A couple of weeks ago I had a very brief stab at being an all-week truck driver, or as they call them in this country, a tramper. The job would have involved picking up loaded containers at the various ports in the south-east, taking them to their destination and then either having them swapped or unloaded and then taking them back to a port (not necessarily the same one) and then starting again. I didn’t really want to do that job but I had not had either much work out of the agencies nor much success in finding permanent work since the start of the year; for whatever reason it’s been an unusually slow few months. About the same time, an article appeared on the website of a British truckers’ magazine that said drivers were being forced to sleep in places that were not easy to sleep in: service station truck parks and roadside lay-bys which often had no facilities, and that frequently they were not able to sleep properly and were driving tired. And then a familiar moan about a driver shortage.
In my experience, there is no shortage of drivers for the good jobs. There is a shortage of drivers for tramping work, which is for good reason. To give an example, on the day I interviewed for the shipping container job, I had another interview that afternoon for another tramping job, but the first company I went to were obviously so desperate to start me as soon as possible (no doubt because they had a truck sitting idle which they were paying a daily road user levy for, but was not earning them any money) that they just gave me the job even though they had other candidates to interview. The second company had been advertising for tramping drivers for months, and when I called them that week for the second time in about a month, the job was still available. Companies cannot give these jobs away and when they do, the drivers often do not last long.
I enjoy the actual driving bit. It gets me out across the country, seeing the countryside, allows me to listen to whatever I want to for hours at a time with nobody looking over my shoulder. However, the nights are another matter. Many companies refuse to reimburse drivers for parking in service stations because they cost £25 or more per night, even though, apart from truck stops which are less well-advertised, they are the only places about which have facilities such as toilets and showers. I drove around looking for places near my home where I could park the truck, but everywhere was too narrow or already taken, so I headed out to Cobham services. The truck park there is awfully noisy, with the M25 yards away with no trees or anything to screen you from the noise, and the surface is appalling, with blocks of concrete with thick joins so you can hear it every time a vehicle goes over it. Partly because of that and partly because of the heat, I was unable to get more than about an hour’s sleep that night. I gave my notice in before the night was out and refused to carry another container once I’d dropped that one off; I went home and slept both in the afternoon and, quite soundly, that night as well.

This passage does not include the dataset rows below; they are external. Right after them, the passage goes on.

Lemma inv_unique : forall f g, (forall x, g (f x) = x) -> (forall y, f (g y) = y) -> inv f = g.
Proof.
  intros f g H1 H2; apply functional_extensionality; intros y.
  assert (E : f (inv f y) = y) by (apply inv_spec; eauto).
  rewrite <- E at 2; rewrite H1; reflexivity.
Qed.

Lemma bij_inj : forall f s t, bij f -> f s = f t -> s = t.
Proof. intros f s t [H1 H2] E; rewrite <- (H1 s), E, H1; reflexivity. Qed.

Lemma inv_one : inv one = one.
Proof. apply inv_unique; reflexivity. Qed.

Lemma bij_inv : forall f, bij f -> bij (inv f).
Proof. intros f [H1 H2]; apply (bij_intro (inv f) f); auto. Qed.

Lemma inv_inv : forall f, bij f -> inv (inv f) = f.
Proof. intros f [H1 H2]; apply inv_unique; auto. Qed.

Lemma bij_mul : forall f g, bij f -> bij g -> bij (mul f g).
Proof.
  intros f g [F1 F2] [G1 G2]; apply (bij_intro _ (mul (inv g) (inv f))); unfold mul; intros.
  - rewrite G1, F1; auto.
  - rewrite F2, G2; auto.
Qed.

Lemma inv_mul : forall f g, bij f -> bij g -> inv (mul f g) = mul (inv g) (inv f).
Proof.
  intros f g [F1 F2] [G1 G2]; apply inv_unique; unfold mul; intros.
  - rewrite G1, F1; auto.
  - rewrite F2, G2; auto.
Qed.

Lemma npow_S : forall f n t, npow f (S n) t = f (npow f n t).
Proof. reflexivity. Qed.

Lemma npow_0 : forall f t, npow f 0 t = t.
Proof. reflexivity. Qed.

Lemma npow_add : forall f m n t, npow f (m + n) t = npow f n (npow f m t).
Proof.
  intros f m n t; induction n; simpl; [rewrite Nat.add_0_r; reflexivity|].
  rewrite Nat.add_succ_r, npow_S, IHn; reflexivity.
Qed.

Lemma zpow_nat : forall f n, zpow f (Z.of_nat n) = npow f n.
Proof. intros f [|n]; [reflexivity|]. simpl. rewrite SuccNat2Pos.id_succ. reflexivity. Qed.

Lemma zpow_negnat : forall f n, zpow f (- Z.of_nat n) = npow (inv f) n.
Proof. intros f [|n]; [reflexivity|]. simpl. rewrite SuccNat2Pos.id_succ. reflexivity. Qed.

Lemma Z_cases : forall z, (exists n, z = Z.of_nat n) \/ (exists n, z = (- Z.of_nat (S n))%Z).
Proof.
  intros z. destruct (Z_le_gt_dec 0 z).
  - left; exists (Z.to_nat z); lia.
  - right; exists (Z.to_nat (- z) - 1)%nat; lia.
Qed.

Lemma npow_S' : forall f n t, npow f (S n) t = npow f n (f t).
Proof. intros f n; induction n; intros t; [reflexivity|]. rewrite npow_S, IHn; reflexivity. Qed.

Lemma npow_inv_cancel : forall f n t, bij f -> npow f n (npow (inv f) n t) = t.
Proof.
  intros f n; induction n; intros t Hf; [reflexivity|].
  rewrite npow_S', (npow_S (inv f)). destruct Hf as [H1 H2]. rewrite H2. apply IHn; split; auto.
Qed.

Lemma zpow_succ : forall f z t, bij f -> zpow f (Z.succ z) t = f (zpow f z t).
Proof.
  intros f z t Hf. destruct (Z_cases z) as [[n ->]|[n ->]].
  - rewrite <- Nat2Z.inj_succ, !zpow_nat; reflexivity.
  - replace (Z.succ (- Z.of_nat (S n))) with (- Z.of_nat n)%Z by lia.
    rewrite !zpow_negnat, npow_S. destruct Hf as [H1 H2]; rewrite H2; reflexivity.
Qed.

Lemma zpow_pred : forall f z t, bij f -> zpow f (Z.pred z) t = inv f (zpow f z t).
Proof.
  intros f z t Hf. destruct (Z_cases z) as [[[|n] ->]|[n ->]].
  - reflexivity.
  - replace (Z.pred (Z.of_nat (S n))) with (Z.of_nat n) by lia.
    rewrite !zpow_nat, npow_S. destruct Hf as [H1 H2]; rewrite H1; reflexivity.
  - replace (Z.pred (- Z.of_nat (S n))) with (- Z.of_nat (S (S n)))%Z by lia.
    rewrite !zpow_negnat, npow_S; reflexivity.
Qed.

Lemma zpow_add : forall f i j t, bij f -> zpow f (i + j) t = zpow f j (zpow f i t).
Proof.
  intros f i j t Hf. revert t. pattern j; apply Z.peano_ind; clear j.
  - intros; rewrite Z.add_0_r; reflexivity.
  - intros j IH t. rewrite Z.add_succ_r, !zpow_succ, IH; auto.
  - intros j IH t. rewrite Z.add_pred_r, !zpow_pred, IH; auto.
Qed.

Lemma zpow_0 : forall f t, zpow f 0 t = t.
Proof. reflexivity. Qed.

Lemma zpow_1 : forall f t, zpow f 1 t = f t.
Proof. reflexivity. Qed.

Lemma zpow_cancel : forall f i t, bij f -> zpow f (- i) (zpow f i t) = t.
Proof. intros. rewrite <- zpow_add, Z.add_opp_diag_r; auto. Qed.

Lemma zpow_cancel' : forall f i t, bij f -> zpow f i (zpow f (- i) t) = t.
Proof. intros. rewrite <- zpow_add, Z.add_opp_diag_l; auto. Qed.

Lemma bij_zpow : forall f i, bij f -> bij (zpow f i).
Proof. intros f i Hf; apply (bij_intro _ (zpow f (- i))); intros; auto using zpow_cancel, zpow_cancel'. Qed.

Lemma inv_zpow : forall f i, bij f -> inv (zpow f i) = zpow f (- i).
Proof. intros f i Hf; apply inv_unique; intros; auto using zpow_cancel, zpow_cancel'. Qed.

Lemma zpow_mul_eq : forall f i j, bij f -> mul (zpow f i) (zpow f j) = zpow f (i + j).
Proof. intros; apply functional_extensionality; intros; unfold mul; rewrite zpow_add; auto. Qed.

Lemma zpow_zpow : forall f m j t, bij f -> zpow (zpow f m) j t = zpow f (m * j) t.
Proof.
  intros f m j t Hf. revert t. pattern j; apply Z.peano_ind; clear j.
  - intros; rewrite Z.mul_0_r; reflexivity.
  - intros j IH t. rewrite zpow_succ, IH, Z.mul_succ_r, zpow_add; auto using bij_zpow.
  - intros j IH t. rewrite zpow_pred, IH, Z.mul_pred_r, inv_zpow by auto using bij_zpow.
    unfold Z.sub. rewrite zpow_add; auto.
Qed.

Lemma zpow_fix : forall f j t, bij f -> f t = t -> zpow f j t = t.
Proof.
  intros f j t Hf E. pattern j; apply Z.peano_ind.
  - reflexivity.
  - intros x IH; rewrite zpow_succ, IH; auto.
  - intros x IH; rewrite zpow_pred, IH; auto. rewrite <- E at 1. apply Hf.
Qed.

Lemma zpow_conj : forall C f m t, bij C -> bij f ->
  zpow (mul (mul (inv C) f) C) m t = C (zpow f m (inv C t)).
Proof.
  intros C f m t HC Hf.
  assert (Hg : bij (mul (mul (inv C) f) C)) by auto using bij_mul, bij_inv.
  revert t. pattern m; apply Z.peano_ind; clear m.
  - intros t; rewrite !zpow_0. destruct HC as [_ H]; rewrite H; reflexivity.
  - intros m IH t. rewrite zpow_succ, IH by auto. unfold mul.
    rewrite zpow_succ by auto. destruct HC as [H1 H2]; rewrite H1; reflexivity.
  - intros m IH t. rewrite zpow_pred, IH by auto.
    rewrite inv_mul, inv_mul, inv_inv by auto using bij_mul, bij_inv. unfold mul.
    rewrite zpow_pred by auto. destruct HC as [H1 H2]; rewrite H1; reflexivity.
Qed.

Lemma zpow_comm : forall f g m t, bij f -> bij g -> (forall s, f (g s) = g (f s)) ->
  f (zpow g m t) = zpow g m (f t).
Proof.
  intros f g m t Hf Hg Hc. revert t. pattern m; apply Z.peano_ind; clear m.
  - reflexivity.
  - intros m IH t. rewrite !zpow_succ by auto. rewrite Hc, IH; reflexivity.
  - intros m IH t. rewrite !zpow_pred by auto. rewrite <- IH.
    apply (bij_inj g); auto. destruct Hg as [G1 G2]. rewrite G2, <- Hc, G2; reflexivity.
Qed.

Lemma pow2_gt : forall x, exists n, x < 2 ^ n.
Proof.
  assert (INR_lt_pow2 : forall n, INR n < 2 ^ n).
  { induction n; [simpl; lra|]. rewrite S_INR. simpl pow.
    assert (1 <= 2 ^ n) by (apply pow_R1_Rle; lra). lra. }
  intros x. destruct (archimed x) as [H1 _].
  destruct (Z_le_gt_dec (up x) 0) as [L|L].
  - exists 0%nat; simpl. apply IZR_le in L. lra.
  - exists (Z.to_nat (up x)). pose proof (INR_lt_pow2 (Z.to_nat (up x))).
    rewrite INR_IZR_INZ, Z2Nat.id in H by lia. lra.
Qed.

Definition x0i (t : R) : R :=
  if Rlt_dec t 0 then t
  else if Rlt_dec t (1/2) then t / 2
  else if Rlt_dec t (3/4) then t - 1/4
  else if Rlt_dec t 1 then 2 * t - 1
  else t.

Definition x1i (t : R) : R :=
  if Rlt_dec t 0 then t
  else if Rlt_dec t (1/2) then t
  else if Rlt_dec t (3/4) then t / 2 + 1/4
  else if Rlt_dec t (7/8) then t - 1/8
  else if Rlt_dec t 1 then 2 * t - 1
  else t.

Definition beta (t : R) : R :=
  if Rlt_dec t (1/2) then t
  else if Rlt_dec t (5/8) then 2 * t - 1/2
  else if Rlt_dec t (7/8) then t / 2 + 7/16
  else t.

Definition betai (t : R) : R :=
  if Rlt_dec t (1/2) then t
  else if Rlt_dec t (3/4) then t / 2 + 1/4
  else if Rlt_dec t (7/8) then 2 * t - 7/8
  else t.

Ltac split_if H := repeat match type of H with context [Rlt_dec ?a ?b] =>
  destruct (Rlt_dec a b); try (exfalso; lra) end.
Ltac split_g := repeat match goal with |- context [Rlt_dec ?a ?b] =>
  destruct (Rlt_dec a b); try (exfalso; lra) end.
Ltac ev f x := let u := fresh "u" in let Hu := fresh "Hu" in
  remember (f x) as u eqn:Hu; unfold f in Hu; split_if Hu.

Lemma x0_x0i : forall t, x0 (x0i t) = t. Proof. intros t; ev x0i t; unfold x0; split_g; lra. Qed.
Lemma x0i_x0 : forall t, x0i (x0 t) = t. Proof. intros t; ev x0 t; unfold x0i; split_g; lra. Qed.
Lemma x1_x1i : forall t, x1 (x1i t) = t. Proof. intros t; ev x1i t; unfold x1; split_g; lra. Qed.
Lemma x1i_x1 : forall t, x1i (x1 t) = t. Proof. intros t; ev x1 t; unfold x1i; split_g; lra. Qed.
Lemma beta_betai : forall t, beta (betai t) = t. Proof. intros t; ev betai t; unfold beta; split_g; lra. Qed.
Lemma betai_beta : forall t, betai (beta t) = t. Proof. intros t; ev beta t; unfold betai; split_g; lra. Qed.

Lemma bij_x0 : bij x0. Proof. exact (bij_intro _ _ x0i_x0 x0_x0i). Qed.
Lemma inv_x0 : inv x0 = x0i. Proof. exact (inv_unique _ _ x0i_x0 x0_x0i). Qed.
Lemma inv_x0i : inv x0i = x0. Proof. exact (inv_unique _ _ x0_x0i x0i_x0). Qed.
Lemma inv_x1 : inv x1 = x1i. Proof. exact (inv_unique _ _ x1i_x1 x1_x1i). Qed.
Lemma inv_x1i : inv x1i = x1. Proof. exact (inv_unique _ _ x1_x1i x1i_x1). Qed.

Lemma b_eq : b = beta.
Proof.
  unfold b; rewrite inv_x0, inv_x1. apply functional_extensionality; intros t; unfold mul.
  ev x1 t; ev x0i u; ev x1i u0; ev x0 u1; unfold beta; split_g; lra.
Qed.

Lemma bij_b : bij b. Proof. rewrite b_eq; exact (bij_intro _ _ betai_beta beta_betai). Qed.
Lemma inv_b : inv b = betai. Proof. rewrite b_eq; exact (inv_unique _ _ betai_beta beta_betai). Qed.

Lemma not_in01 : forall t, ~ in01 t -> t < 0 \/ 1 <= t.
Proof. intros t H; unfold in01 in H; destruct (Rlt_dec t 0); [left|right]; lra. Qed.

Lemma Rabs_lip : forall f s t, (forall s t, s <= t -> f s <= f t) ->
  (forall s t, s <= t -> f t - f s <= 2 * (t - s)) -> Rabs (f s - f t) <= 2 * Rabs (s - t).
Proof.
  intros f s t M L. destruct (Rle_dec s t) as [H|H]; [|assert (H' : t <= s) by lra].
  - pose proof (M s t H); pose proof (L s t H).
    rewrite (Rabs_left1 (s - t)), Rabs_left1 by lra. lra.
  - pose proof (M t s H'); pose proof (L t s H').
    rewrite (Rabs_right (s - t)), Rabs_right by lra. lra.
Qed.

I’ve never spent a night in a proper truck stop so perhaps the facilities there are a bit better, but at Cobham there are just four showers for all the (male) truck drivers who stop there overnight, and the ones I saw were not very clean and the handwash basins were clogged. I’ve stopped at Warwick in the past and they have a shower room in the filling station building which has a toilet and wash-basin inside; surely they should all at least have the washbasin, as it allows you to wash your hands before you put your clothes on, but most of them do not have this. They also only have overhead shower heads, never hoses, which means that if you need to wash part of yourself that doesn’t face upwards, you’ll need to bring a water bottle or watering can or stand on your head. Not very accessible. I know that standard bathroom hoses can be stolen easily, but surely someone should have developed a shower hose attachment that cannot be easily unscrewed and removed? Or at least, people should be able to plug in their own hoses. Oh, and the usual way of preparing food when tramping is to use a camping gas stove, but Cobham has a sign saying “no naked flames” even if this may be frequently ignored.
As for sleeping in lay-bys, it’s no surprise that someone who could barely stomach spending the night in a service station that at least has toilets, could not tolerate spending it in a lay-by which does not even have those (and where the truck shakes every time another vehicle passes by). And yet this is where many transport bosses insist that tramping drivers spend 11 hours on the average night, because they cannot spare £25 for a service station spot or an account to pay for truck stop parking. Is it any wonder nobody wants the jobs?
Perhaps I’m too picky; the job I really want is a day-time, longish distance driving job. But from having spent months trying to find one without much success, I can say that there is no shortage of drivers for this type of work, nor for daytime urban driving in the building materials or waste disposal industries that let you spend the night in your own bed, cook in your own kitchen (if you’ve nobody to cook for you!) and shower in your own bathroom. If roughing it for the whole week appeals, then there is no shortage of work and companies so desperate that they will let you walk off the street into a job.